Holz als Jahresthema

Bezirkstagspräsident Franz Löffler weist in seinem Grußwort auf das Thema "Holz" als das umspannende Motto der diesjährigen Museumssaison hin. "Ob die Leute wirklich wissen, was derzeit in unseren Wäldern los ist?", resümiert er und appelliert an alle, die Menschen für das Thema Holz und Wald sensibel zu machen. Da komme diese Ausstellung gerade zur richtigen Zeit. Sie beleuchtet die Bedeutung von Wald und Bäumen für die Umwelt, für Industrie, Handwerk und die Kunst. Das kleinste aller Ausstellungsgegenstände, die irgendeiner Weise mit Holz zu tun haben, ist übrigens ein Zündholz.

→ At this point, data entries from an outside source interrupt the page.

(* Let $(\mathcal{P},d)$ be a tree metric given by the weighted tree $T$, let $G$ be any directed network on $\mathcal{P}$ (arc $(x,y)$ of length $d(x,y)$), and let $u\neq v$ be in $\mathcal{P}$. Then every node other than $u$ on any greedy path from $u$ to $v$ in $G$ lies in the connected component of $T-u$ that contains $v$.
   Context: A tree metric on a finite set $\mathcal{P}$ is given by a spanning tree $T$ on vertex set $\mathcal{P}$ with positive edge weights; $d(x,y)=d_T(x,y)$ is the total weight of the unique $x$–$y$ path in $T$. $T-u$ is the forest obtained by deleting $u$ (its components are the subtrees hanging below $u$ when $T$ is rooted at $u$). A greedy path from $u$ to $v$ in $G$ is a directed path $u=x_1,\dots,x_j=v$ of arcs of $G$ with $d(x_i,v)>d(x_{i+1},v)$ for all $i$. *)

From mathcomp Require Import all_boot all_order all_algebra.
Set Implicit Arguments. Unset Strict Implicit. Unset Printing Implicit Defensive.
Import Order.TTheory GRing.Theory Num.Theory.
Local Open Scope ring_scope.

Definition simple_path (P : finType) (e : rel P) (x : P) (p : seq P) : bool :=
  path e x p && uniq (x :: p).

Definition is_tree (P : finType) (e : rel P) : Prop :=
  [/\ symmetric e, irreflexive e,
      (forall x y : P, connect e x y) &
      (forall (x : P) (p q : seq P),
          simple_path e x p -> simple_path e x q -> last x p = last x q -> p = q)].

Definition pos_weights (R : realFieldType) (P : finType) (e : rel P)
    (w : P -> P -> R) : Prop :=
  (forall x y, w x y = w y x) /\ (forall x y, e x y -> 0 < w x y).

Definition walk_weight (R : realFieldType) (P : finType) (w : P -> P -> R)
    (x : P) (p : seq P) : R :=
  \sum_(c <- pairmap w x p) c.

Definition is_tree_metric (R : realFieldType) (P : finType) (e : rel P)
    (w : P -> P -> R) (d : P -> P -> R) : Prop :=
  forall (x : P) (p : seq P), simple_path e x p -> d x (last x p) = walk_weight w x p.

Definition greedy_path (R : realFieldType) (P : finType) (G : rel P)
    (d : P -> P -> R) (u v : P) (p : seq P) : bool :=
  path (fun a b => G a b && (d b v < d a v)) u p && (last u p == v).

Definition in_comp_minus (P : finType) (e : rel P) (u v x : P) : bool :=
  (x != u) && connect [rel a b | [&& e a b, a != u & b != u]] v x.

From mathcomp Require Import all_boot all_order all_algebra.
Set Implicit Arguments. Unset Strict Implicit. Unset Printing Implicit Defensive.
Import Order.TTheory GRing.Theory Num.Theory.
Local Open Scope ring_scope.

(* Every vertex x after u on a greedy path satisfies d x v < d u v.  Take a
   simple T-path from x to v.  If it passed through u, additivity of the tree
   metric along it would give d x v = d x u + d u v >= d u v.  Hence it avoids
   u, and so x is joined to v in T - u. *)

Lemma path_decreasing_lt_head (disp : Order.disp_t) (R : porderType disp)
    (T : eqType) (r : rel T) (f : T -> R) (a : T) (s : seq T) :
  path (fun x y => r x y && (f y < f x)%O) a s -> forall x, x \in s -> (f x < f a)%O.
Proof.
elim: s a => [|b s IH] a //= /andP[/andP[_ fba] pbs] x.
rewrite inE => /predU1P[->//|xs].
exact: lt_trans (IH _ pbs _ xs) fba.
Qed.

Lemma simple_path_split (P : finType) (e : rel P) (x y : P) (s1 s2 : seq P) :
  simple_path e x (s1 ++ y :: s2) ->
  simple_path e x (rcons s1 y) /\ simple_path e y s2.
Proof.
rewrite /simple_path -cat_rcons cat_path last_rcons -cat_cons cat_uniq.
case/and4P=> /andP[-> ->] -> /hasPn s2_fresh us2; split=> //=; rewrite us2 andbT.
by apply/negP=> /s2_fresh; rewrite -cats1 !(inE, mem_cat) eqxx !orbT.
Qed.

Lemma connect_simple_path (P : finType) (e : rel P) (x y : P) :
  connect e x y -> exists2 s, simple_path e x s & last x s = y.
Proof.
case/connectP=> s0 ps0 ->; case/shortenP: ps0 => s ps us _.
by exists s => //; rewrite /simple_path ps us.
Qed.

Lemma connect_avoiding (P : finType) (e : rel P) (u x : P) (s : seq P) :
  path e x s -> u \notin x :: s ->
  connect [rel a b | [&& e a b, a != u & b != u]] x (last x s).
Proof.
move=> pxs uxs; apply/connectP; exists s => //.
apply: (@sub_in_path _ (predC1 u)) pxs; last first.
  by apply/allP => y yxs /=; apply: contraNneq uxs => <-.
by move=> a b; rewrite !inE /= => -> -> ->.
Qed.

Section TreeMetric.

Variables (R : realFieldType) (P : finType) (e : rel P) (w d : P -> P -> R).

Lemma walk_weight_cat (x : P) (s1 s2 : seq P) :
  walk_weight w x (s1 ++ s2) = walk_weight w x s1 + walk_weight w (last x s1) s2.
Proof. by rewrite /walk_weight pairmap_cat big_cat. Qed.

Lemma walk_weight_ge0 (x : P) (s : seq P) :
  pos_weights e w -> path e x s -> 0 <= walk_weight w x s.
Proof.
move=> [_ w_gt0]; elim: s x => [|y s IH] x /=; first by rewrite /walk_weight big_nil.
case/andP=> exy pys; rewrite /walk_weight /= big_cons.
by apply: addr_ge0; [exact/ltW/w_gt0 | exact: IH].
Qed.

Lemma tree_metric_through_ge (x y : P) (s1 s2 : seq P) :
  pos_weights e w -> is_tree_metric e w d ->
  simple_path e x (s1 ++ y :: s2) -> d y (last y s2) <= d x (last y s2).
Proof.
move=> hw hd sp; have [sp1 sp2] := simple_path_split sp.
have dxy : d x y = walk_weight w x (rcons s1 y) by rewrite -[y in d x y](last_rcons x s1) hd.
have dxz : d x (last y s2) = walk_weight w x (s1 ++ y :: s2) by rewrite -hd // last_cat.
rewrite dxz -cat_rcons walk_weight_cat last_rcons -dxy (hd _ _ sp2) lerDr dxy.
by apply: walk_weight_ge0 => //; case/andP: sp1.
Qed.

Lemma tree_metric_closer_in_comp_minus (u v x : P) :
  is_tree e -> pos_weights e w -> is_tree_metric e w d ->
  x != u -> d x v < d u v -> in_comp_minus e u v x.
Proof.
move=> [esym _ econn _] hw hd xu dxv_lt; rewrite /in_comp_minus xu /=.
have sym_minus : symmetric [rel a b | [&& e a b, a != u & b != u]].
  by move=> a b /=; rewrite esym [(a != u) && _]andbC.
rewrite (sym_connect_sym sym_minus).
have [s sp sv] := connect_simple_path (econn x v); subst v.
have [uxs|] := boolP (u \in x :: s); last by apply: connect_avoiding; case/andP: sp.
move: uxs; rewrite inE eq_sym (negbTE xu) /= => /splitPr sp_u.
case: sp_u sp dxv_lt => s1 s2 sp; rewrite last_cat /=.
by rewrite ltNge (tree_metric_through_ge hw hd sp).
Qed.

End TreeMetric.

Theorem lemma3p1 (R : realFieldType) (P : finType) (e : rel P)
    (w : P -> P -> R) (d : P -> P -> R) (G : rel P) (u v : P)
    (p : seq P) :
  is_tree e -> pos_weights e w -> is_tree_metric e w d ->
  u != v -> greedy_path G d u v p ->
  forall x, x \in p -> x != u -> in_comp_minus e u v x.
Proof.
move=> tree hw hd _ /andP[greedy _] x xp xu.
apply: tree_metric_closer_in_comp_minus tree hw hd xu _.
exact: (path_decreasing_lt_head (f := fun y => d y v) greedy xp).
Qed.
(* Let $r\ge 2$ and let $S$ be a general position set of the glued binary tree $GT(r)$. If $|S\cap V_r^{(1)}|\ge 2$, then to each vertex $v\in S\cap V_r^{(1)}$ one can assign a pair of quasi-leaves belonging to $T_v$ and not belonging to $S$, in such a way that the pairs assigned to distinct vertices of $S\cap V_r^{(1)}$ are pairwise disjoint.
   Context: A perfect binary tree of depth $r\ge1$ is a rooted tree in which every non-leaf vertex has exactly $2$ children and all leaves have depth $r$. The glued binary tree $GT(r)$ is obtained from two copies $T_r^{(1)}$ and $T_r^{(2)}$ of the perfect binary tree of depth $r$ by pairwise identifying their leaves (via a fixed isomorphism of the copies). The identified vertices are the quasi-leaves; $L(GT(r))=V(T_r^{(1)})\cap V(T_r^{(2)})$, and $V_r^{(i)}=V(T_r^{(i)})\setminus L(GT(r))$ for $i\in\{1,2\}$. For $u\in V_r^{(1)}$, $T_u$ denotes the subtree of $T_r^{(1)}$ rooted at $u$ consisting of $u$ and all its descendants (its leaves being the quasi-leaves below $u$). For $S\subseteq V(G)$, two vertices $u,v$ are $S$-positionable if every shortest $u,v$-path $P$ satisfies $V(P)\cap S\subseteq\{u,v\}$; $S$ is a general position set if every two vertices of $S$ are $S$-positionable. *)

From mathcomp Require Import all_boot.
Set Implicit Arguments. Unset Strict Implicit. Unset Printing Implicit Defensive.

(* Perfect binary tree of depth r in heap numbering: nodes 1 .. 2^(r+1)-1,
   node k has children 2k and 2k+1, the leaves are 2^r .. 2^(r+1)-1.
   Vertices of GT(r):
   - inl (b, k) : non-leaf vertex with heap index k+1 of copy T_r^(1) (b = true)
                  or of copy T_r^(2) (b = false)   (k < 2^r - 1)
   - inr j      : quasi-leaf with heap index 2^r + j (shared by both copies)
   The leaves of the two copies are identified via the identity of heap
   indices (the fixed isomorphism of the copies). *)
Definition GTV (r : nat) : finType := ((bool * 'I_((2 ^ r).-1)) + 'I_(2 ^ r))%type.

Definition hidx (r : nat) (v : GTV r) : nat :=
  match v with inl (_, k) => (val k).+1 | inr j => 2 ^ r + val j end.

Definition in_copy (r : nat) (b : bool) (v : GTV r) : bool :=
  match v with inl (c, _) => c == b | inr _ => true end.

Definition parent_of (r : nat) (u v : GTV r) : bool :=
  match u with
  | inl (b, _) => in_copy b v && ((hidx v)./2 == hidx u)
  | inr _ => false
  end.

Definition gt_adj (r : nat) : rel (GTV r) :=
  fun u v => parent_of u v || parent_of v u.

Definition shortest_path (r : nat) (u v : GTV r) (p : seq (GTV r)) : Prop :=
  [/\ path (@gt_adj r) u p, last u p = v &
      forall q, path (@gt_adj r) u q -> last u q = v -> size p <= size q].

Definition general_position (r : nat) (S : {set GTV r}) : Prop :=
  forall u v, u \in S -> v \in S ->
  forall p, shortest_path u v p ->
  forall x, x \in u :: p -> x \in S -> x = u \/ x = v.

Definition V1 (r : nat) : {set GTV r} :=
  [set v | if v is inl (b, _) then b else false].

Definition leaf_below (r : nat) (v : GTV r) (j : 'I_(2 ^ r)) : bool :=
  [exists k : 'I_r.+1, (2 ^ r + val j) %/ 2 ^ k == hidx v].

From mathcomp Require Import all_boot.
From mathcomp Require zify.
From Stdlib Require Import Lia Classical IndefiniteDescription.

(* Every edge of GT(r), in
   either copy, halves or doubles the index, so a walk of length s from x to y
   yields a common ancestor reached from x and y in k1 + k2 <= s halvings.
   Hence the path of T^(1) through the lowest common ancestor is a shortest
   path of GT(r), and a general position set S contains none of its inner
   vertices.  For v in S :&: V1 and another w in S :&: V1 this leaves a subtree
   below v free of S: all of T_v if w is not below v, and otherwise the subtree
   of the child of v pointing away from w.  Two of its quasi-leaves form the
   pair of v, and the paths from v down to them avoid S.  Distinct vertices get
   disjoint pairs: of two vertices above a common quasi-leaf, the lower one
   would lie on the path of the upper one. *)

Set Implicit Arguments. Unset Strict Implicit. Unset Printing Implicit Defensive.

Definition ancestor (a h : nat) : Prop := exists k, h %/ 2 ^ k = a.

Lemma ancestor_refl h : ancestor h h.
Proof. by exists 0; rewrite divn1. Qed.

Lemma ancestor_half h : ancestor (h %/ 2) h.
Proof. by exists 1. Qed.

Lemma ancestor_trans a b h : ancestor a b -> ancestor b h -> ancestor a h.
Proof. by move=> [i <-] [j <-]; exists (j + i); rewrite expnD divnMA. Qed.

Lemma ancestor_leq a h : ancestor a h -> a <= h.
Proof. by move=> [k <-]; apply: leq_div. Qed.

Lemma ancestor_anti a h : ancestor a h -> ancestor h a -> a = h.
Proof. by move=> /ancestor_leq ah /ancestor_leq ha; apply/eqP; rewrite eqn_leq ah. Qed.

Lemma ancestor_total a b h :
  ancestor a h -> ancestor b h -> ancestor a b \/ ancestor b a.
Proof.
move=> [i <-] [j <-]; case: (leqP i j) => ij; [right; exists (j - i) | left; exists (i - j)];
  by rewrite -divnMA -expnD subnKC // ltnW.
Qed.

Lemma ancestor_strict a h : ancestor a h -> a != h -> ancestor a (h %/ 2).
Proof.
case=> [[|k] <-]; first by rewrite divn1 eqxx.
by exists k; rewrite -divnMA -expnS.
Qed.

Lemma ancestor_root h : 0 < h -> ancestor 1 h.
Proof.
move=> h0; have /andP [lo hi] := trunc_log_bounds (isT : 1 < 2) h0.
exists (trunc_log 2 h); apply/eqP; rewrite eqn_leq divn_gt0 ?expn_gt0 // lo andbT.
by rewrite -ltnS ltn_divLR ?expn_gt0 // -expnS.
Qed.

Lemma ancestor_child a h : ancestor a h -> a != h -> exists2 c, c %/ 2 = a & ancestor c h.
Proof.
case=> [[|k] <-]; first by rewrite divn1 eqxx.
by exists (h %/ 2 ^ k); [rewrite -divnMA -expnSr | exists k].
Qed.

Lemma child_not_ancestor c : 0 < c %/ 2 -> ~ ancestor c (c %/ 2).
Proof.
move=> c0 /ancestor_leq; rewrite leqNgt ltn_Pdiv //.
by move: c0; rewrite divn_gt0 // => /(leq_trans _)->.
Qed.

Lemma ancestor_below_child n c m h : c %/ 2 = n ->
  ancestor n m -> m != n -> ancestor m h -> ancestor c h -> ancestor c m.
Proof.
move=> cn nm mn mh ch; have [//|mc] := ancestor_total ch mh.
have [/eqP <-|mc'] := boolP (m == c); first exact: ancestor_refl.
by move: mn; rewrite (ancestor_anti (ancestor_strict mc mc') _) ?cn ?eqxx.
Qed.

Definition sibling (c : nat) : nat := (c./2).*2 + ~~ odd c.

Lemma sibling_half c : sibling c %/ 2 = c %/ 2.
Proof. by rewrite /sibling addnC !divn2 half_bit_double. Qed.

Lemma sibling_neq c : sibling c != c.
Proof.
by rewrite /sibling; have := odd_double_half c; case: (odd c) => /=; lia.
Qed.

Lemma ancestor_half_sibling c : ancestor (c %/ 2) (sibling c).
Proof. by rewrite -sibling_half; apply: ancestor_half. Qed.

Lemma siblings_incomparable c c' :
  c %/ 2 = c' %/ 2 -> 0 < c %/ 2 -> c != c' -> ~ ancestor c c'.
Proof.
move=> cc' c0 neq /ancestor_strict /(_ neq).
by rewrite -cc'; apply: child_not_ancestor.
Qed.
(* Let $V\subset\mathbb{R}^n$ be a singular irreducible central real algebraic variety. Then the ring $\mathcal{R}^0(V)$ of continuous rational functions on $V$ has the weak substitution property on points over $\mathbb{R}[V]$: every ring homomorphism $\mathbb{R}[V]\to\mathbb{R}$ admits one and only one extension to a ring homomorphism $\mathcal{R}^0(V)\to\mathbb{R}$.
   Context: $V$ is central if its non-singular points are dense in $V$ for the Euclidean topology. $\mathcal{R}^0(V)$ consists of the continuous functions $V\to\mathbb{R}$ whose restriction to some non-empty Zariski open subset of $V$ is regular. *)

From mathcomp Require Import all_boot all_algebra.
From mathcomp Require Import Rstruct.
From mathcomp Require Import mpoly.
Set Implicit Arguments. Unset Strict Implicit. Unset Printing Implicit Defensive.
Import GRing.Theory Num.Theory.
Local Open Scope ring_scope.

Notation RR := Rdefinitions.R.

Definition point (n : nat) := 'I_n -> RR.
Definition rset (n : nat) := point n -> Prop.

Definition sqdist n (x y : point n) : RR := \sum_(i < n) (x i - y i) ^+ 2.

Definition is_algebraic n (V : rset n) : Prop :=
  exists s : seq {mpoly RR[n]}, forall x, V x <-> (forall p, p \in s -> p.@[x] = 0).

Definition vanishing_ideal n (V : rset n) : {mpoly RR[n]} -> Prop :=
  fun p => forall x, V x -> p.@[x] = 0.

Definition is_irreducible n (V : rset n) : Prop :=
  is_algebraic V /\ (exists x, V x) /\
  forall W1 W2 : rset n, is_algebraic W1 -> is_algebraic W2 ->
    (forall x, V x <-> (W1 x \/ W2 x)) ->
    (forall x, V x <-> W1 x) \/ (forall x, V x <-> W2 x).

Definition is_ideal n (P : {mpoly RR[n]} -> Prop) : Prop :=
  P 0 /\ (forall p q, P p -> P q -> P (p + q)) /\ (forall p q, P q -> P (p * q)).
Definition is_prime_ideal n (P : {mpoly RR[n]} -> Prop) : Prop :=
  is_ideal P /\ ~ P 1 /\ (forall p q, P (p * q) -> P p \/ P q).

(* dimension of V = Krull dimension of R[V] = R[X]/I(V): chains of prime ideals
   P_0 < P_1 < ... < P_d of R[X] containing I(V) *)
Definition prime_chain n (V : rset n) (d : nat) (C : nat -> {mpoly RR[n]} -> Prop) :=
  (forall i, (i <= d)%N -> is_prime_ideal (C i) /\ (forall p, vanishing_ideal V p -> C i p)) /\
  (forall i, (i < d)%N -> (forall p, C i p -> C i.+1 p) /\ exists p, C i.+1 p /\ ~ C i p).
Definition alg_dim n (V : rset n) (d : nat) : Prop :=
  (exists C, prime_chain V d C) /\ (forall d' C, prime_chain V d' C -> (d' <= d)%N).

Definition generates n (s : seq {mpoly RR[n]}) (I : {mpoly RR[n]} -> Prop) : Prop :=
  (forall p, p \in s -> I p) /\
  (forall p, I p -> exists g : seq {mpoly RR[n]},
      p = \sum_(i < size s) g`_i * s`_i).

Definition jacobian n (s : seq {mpoly RR[n]}) (x : point n) : 'M[RR]_(size s, n) :=
  \matrix_(i < size s, j < n) (mderiv j s`_i).@[x].

(* non-singular point (BCR Def. 3.3.9): x in V, I(V) generated by f_1..f_s,
   rank of the Jacobian at x equals n - dim V *)
Definition nonsingular_point n (V : rset n) (x : point n) : Prop :=
  V x /\ exists d, alg_dim V d /\
    exists s, generates s (vanishing_ideal V) /\ \rank (jacobian s x) = (n - d)%N.

Definition is_singular n (V : rset n) : Prop :=
  exists x, V x /\ ~ nonsingular_point V x.

Definition is_central n (V : rset n) : Prop :=
  forall x, V x -> forall eps : RR, 0 < eps ->
    exists y, nonsingular_point V y /\ sqdist x y < eps.

Definition pts n (V : rset n) := {x : point n | V x}.

(* R[V]: polynomial functions on V (≅ R[X]/I(V)) *)
Definition is_polyfun n (V : rset n) (f : pts V -> RR) : Prop :=
  exists p : {mpoly RR[n]}, forall x : pts V, f x = p.@[sval x].

Definition continuous_on_V n (V : rset n) (f : pts V -> RR) : Prop :=
  forall (x : pts V) (eps : RR), 0 < eps -> exists delta : RR, 0 < delta /\
    forall y : pts V, sqdist (sval x) (sval y) < delta -> `|f y - f x| < eps.

(* R^0(V): continuous functions on V whose restriction to some nonempty
   Zariski open subset U = V \ W (W algebraic) of V is regular (= p/q, q nonvanishing on U) *)
Definition is_R0 n (V : rset n) (f : pts V -> RR) : Prop :=
  continuous_on_V f /\
  exists W : rset n, is_algebraic W /\ (exists x : pts V, ~ W (sval x)) /\
    exists p q : {mpoly RR[n]}, forall x : pts V, ~ W (sval x) ->
      q.@[sval x] != 0 /\ f x = p.@[sval x] / q.@[sval x].

Definition ring_hom_on n (V : rset n) (S : (pts V -> RR) -> Prop)
    (phi : (pts V -> RR) -> RR) : Prop :=
  (forall f g, S f -> S g -> phi (fun x => f x + g x) = phi f + phi g) /\
  (forall f g, S f -> S g -> phi (fun x => f x * g x) = phi f * phi g) /\
  phi (fun _ => 1) = 1.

"Holz hat die Oberpfalz über Jahrhunderte hinweg geprägt", erinnert Löffler an die Energie für die Eisen- und Glasindustrie, an den Werkstoff für Handwerk und Landwirtschaft und die Beeinflussung der Architektur als Baumaterial. Angesichts des Klimawandels gewinne das Holz eine besondere Bedeutung und zugleich sei der Wald davon auch massiv betroffen und bedroht. Löffler nennt Schäden durch Trockenheit, Stürme und den Borkenkäfer mit der Folge eines massiven Preisverfalls. Als Temperaturpuffer, CO2-Speicher und Bewahrer des Grundwassers und nicht zuletzt als Lebensraum für Pflanzen und Tiere sei der Wald für alles Leben existenziell bedeutend.

"Kein anderes Geschöpf ist mit dem Geschick der Menschheit so eng verknüpft wie der Baum", zitiert Adrian Siedentopf Professor Alexander Demandt. Heutzutage trete diese Verknüpfung im Umkehrschluss ins Bewusstsein. Nicht der Baum sei mit dem Geschick der Menschheit verknüpft, sondern das Schicksal der Menschheit hänge existenziell vom Wohlergehen der Bäume ab.

Bewusstsein schaffen

Deshalb sei es auch das Ziel, dass neben der Wissensvermittlung auch ein Gefühl von "Verbundenheit mit der Natur" bewusst gemacht wird. Siedentopf ist überzeugt: "Ohne dieses Gefühl der Verbundenheit und der Liebe zu unserer natürlichen Lebenswelt fehlt die Grundmotivation für aktives umweltgerechtes Verhalten". Drei Punkte seien von maßgeblicher Bedeutung; Beteiligung, Vernetzung/Kommunikation, und Nachhaltigkeit.